A political analyst said we can defeat ISIS by “crippling them financially” so maybe we can sneak into Syria and build them a Whole Foods.
Some people don’t like awkward silences but I do because that’s when I think about Thundercats.
[lying on the couch, one leg hanging off the side, face and shoulder smashed against the arm, other leg and one of my hands completely asleep] well as long as the cat is comfortable
Search History:
Cat armor
Buy armor for cats
Cat jousting tournaments
How to stop armored cats
Cat army how to stop
national guard phone #
My attempts to purge my possessions always seem to result in me rediscovering that I have lots of nice things, after which I lie happily on my hoard like a dragon
DARTH VADER: I am your father
LUKE: Buy me some jeans then
DV: *reluctantly hands over money* …You better actually buy jeans with this
Any psychic who needs a door bell to let them know someone is there is probably not worth the money.
I ate a cliff bar before bed, now I can’t stop dreaming about hiking
My 3 year old reported seeing a spider-cricket and I couldn’t find it so we’re outside watching the house burn.
Just spent 5 minutes waving my hands in front of a manual paper towel dispenser if anyone needs someone to take their SAT exam for them.
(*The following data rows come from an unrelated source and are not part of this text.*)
(* Let $g(Z)\in \mathbb{F}_q[Z]$. Let $F\in \mathrm{TA}_n(\mathbb{F}_q[Z,g(Z)^{-1}])\cap \mathrm{GA}_n(\mathbb{F}_q[Z])$ be such that the affine part of $F$ is the identity. Assume that $F_c\in \mathrm{TA}_n(\mathbb{F}_q[c])$ for all $c\in\mathbb{F}_{q^m}$ and all $m$. Then for any $m\in \mathbb{N}^*$ there exist $G,\tilde{G} \in \mathrm{TA}_n(\mathbb{F}_q[Z])$ such that for $c\in \mathbb{F}_{q^m}$: (1) $G_{c}=I_n$ if $g(c)\neq 0$, (2) $G_{c}=F_{c}$ if $g(c)=0$, (3) $\tilde{G}_{c}=F_{c}$ if $g(c)\neq 0$.
   Context: For a ring $R$, $\mathrm{GA}_n(R)$ is the group of polynomial automorphisms of $R^n$ and $\mathrm{TA}_n(R)$ the tame subgroup generated by invertible affine maps and triangular (Jonquières) maps $(a_1X_1+f_1,\dots,a_nX_n+f_n)$, $a_i$ units of $R$, $f_i\in R[X_{i+1},\dots,X_n]$. For $F\in\mathrm{GA}_n(k[Z])$ and $c$ in an extension of $k$, $F_c$ denotes the specialization $Z=c$. $I_n$ is the identity map. *)

From HB Require Import structures.
From mathcomp Require Import all_boot all_algebra all_field.
From mathcomp Require Import mpoly.
Set Implicit Arguments. Unset Strict Implicit. Unset Printing Implicit Defensive.
Import GRing.Theory.
Local Open Scope ring_scope.

Definition polymap (K : comNzRingType) (n : nat) := n.-tuple {mpoly K[n]}.

Definition idmap_poly (K : comNzRingType) (n : nat) : polymap K n :=
  [tuple 'X_i | i < n].
(* Let $\mathbb{T}=\mathbb{R}/(2\pi\mathbb{Z})$, let $g\in\mathcal{P}(\mathbb{R})$ have finite first moment, and let $m(\mathrm{d}x)=\frac{1}{2\pi}\mathrm{d}x$ be the uniform probability measure on $\mathbb{T}$. For all $\kappa\ge 0$ and all $\beta,\sigma>0$, the product measure $m\otimes g\in\mathcal{P}(\mathbb{T}\times\mathbb{R})$ is a stationary MFG equilibrium with intrinsic frequency distribution $g$.
   Context: For $x\in\mathbb{T}$ and $\mu\in\mathcal{P}(\mathbb{T}\times\mathbb{R})$ set $c(x,\mu):=\int_{\mathbb{T}\times\mathbb{R}}2\sin^2\big(\frac{x-y}{2}\big)\mu(\mathrm{d}y,\mathrm{d}\omega)$. Fix a filtered probability space $(\Omega,\mathbb{F},\mathbb{P})$ satisfying the usual conditions and supporting an $\mathbb{F}$-Brownian motion $B$, such that for every $\nu_0\in\mathcal{P}(\mathbb{T})$ there is an $\mathcal{F}_0$-measurable $\mathbb{T}$-valued random variable with law $\nu_0$. Let $\mathcal{A}$ be the set of square-integrable $\mathbb{F}$-progressively measurable real processes $\alpha$ on $[0,\infty)$. For a flow $(\mu_t)_{t\ge0}\subset\mathcal{P}(\mathbb{T}\times\mathbb{R})$ whose second marginal is $g$ for every $t$, write (disintegration) $\mu_t(\mathrm{d}x,\mathrm{d}\omega)=\mu^\omega_t(\mathrm{d}x)g(\mathrm{d}\omega)$. For $\omega\in\mathbb{R}$ and $\alpha\in\mathcal{A}$, let $X^{\omega,\alpha}_t=X^\omega_0+\int_0^t\alpha_s\mathrm{d}s+\omega t+\sigma B_t$ (on $\mathbb{T}$) with $X^\omega_0$ $\mathcal{F}_0$-measurable of law $\mu^\omega_0$, and $J^{\omega,\mu}(\alpha):=\mathbb{E}\int_0^\infty e^{-\beta t}\big[\frac12\alpha_t^2+\kappa c(X^{\omega,\alpha}_t,\mu_t)\big]\mathrm{d}t$. The flow $(\mu_t)$ is a solution of the MFG problem with intrinsic frequency distribution $g$ if (i) the second marginal of every $\mu_t$ is $g$, and (ii) there is a Borel set $E$ with $g(E)=1$ such that for every $\omega\in E$ the disintegration holds with $\mu^\omega_t\in\mathcal{P}(\mathbb{T})$ and there exists $\alpha^\omega_*\in\mathcal{A}$ with $\inf_{\alpha\in\mathcal{A}}J^{\omega,\mu}(\alpha)=J^{\omega,\mu}(\alpha^\omega_* )$ and $\mathcal{L}(X^{\omega,\alpha^\omega_*}_t)=\mu^\omega_t$ for all $t\ge0$. A measure $\mu\in\mathcal{P}(\mathbb{T}\times\mathbb{R})$ is a stationary MFG equilibrium with intrinsic frequency distribution $g$ if the constant flow $\mu_t=\mu$ is such a solution. *)

From HB Require Import structures.
From mathcomp Require Import all_boot all_order all_algebra.
From mathcomp Require Import all_classical all_reals all_analysis.
From mathcomp Require Import measurable_realfun lebesgue_measure lebesgue_integral.
Set Implicit Arguments. Unset Strict Implicit. Unset Printing Implicit Defensive.
Import Order.TTheory GRing.Theory Num.Theory.
Import numFieldNormedType.Exports.
Local Open Scope classical_set_scope.
Local Open Scope ring_scope.

Notation Rm R := (measurableTypeR R).

(* The torus T = R/(2 pi Z) is represented by the fundamental domain [0, 2pi);
   a T-valued quantity given by a real number x is identified with tmod x. *)
Definition tmod {R : realType} (x : R) : R :=
  x - (pi *+ 2) * (Num.floor (x / (pi *+ 2)))%:~R.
A car hit me once, but it was okay because I’m autoimmune
4: Mommy I’m sorry but you’re going to need to shower alone.
Me: Oh darn.
*30 seconds later*
4: I felt bad for you so I’ll sit right here while you shower
My gf & I are toying w/the idea of changing both of our last names rather than hyphenate
Easier & we can have fun with it
Mrs Velociraptor.
The movie scene where discarded clothes lead to lovers in bed, except it’s my clothes leading to my wife picking them up and cursing me.
Feel like you’re falling apart? Coming undone? Can’t keep it together?
You should have eaten more paste as a child.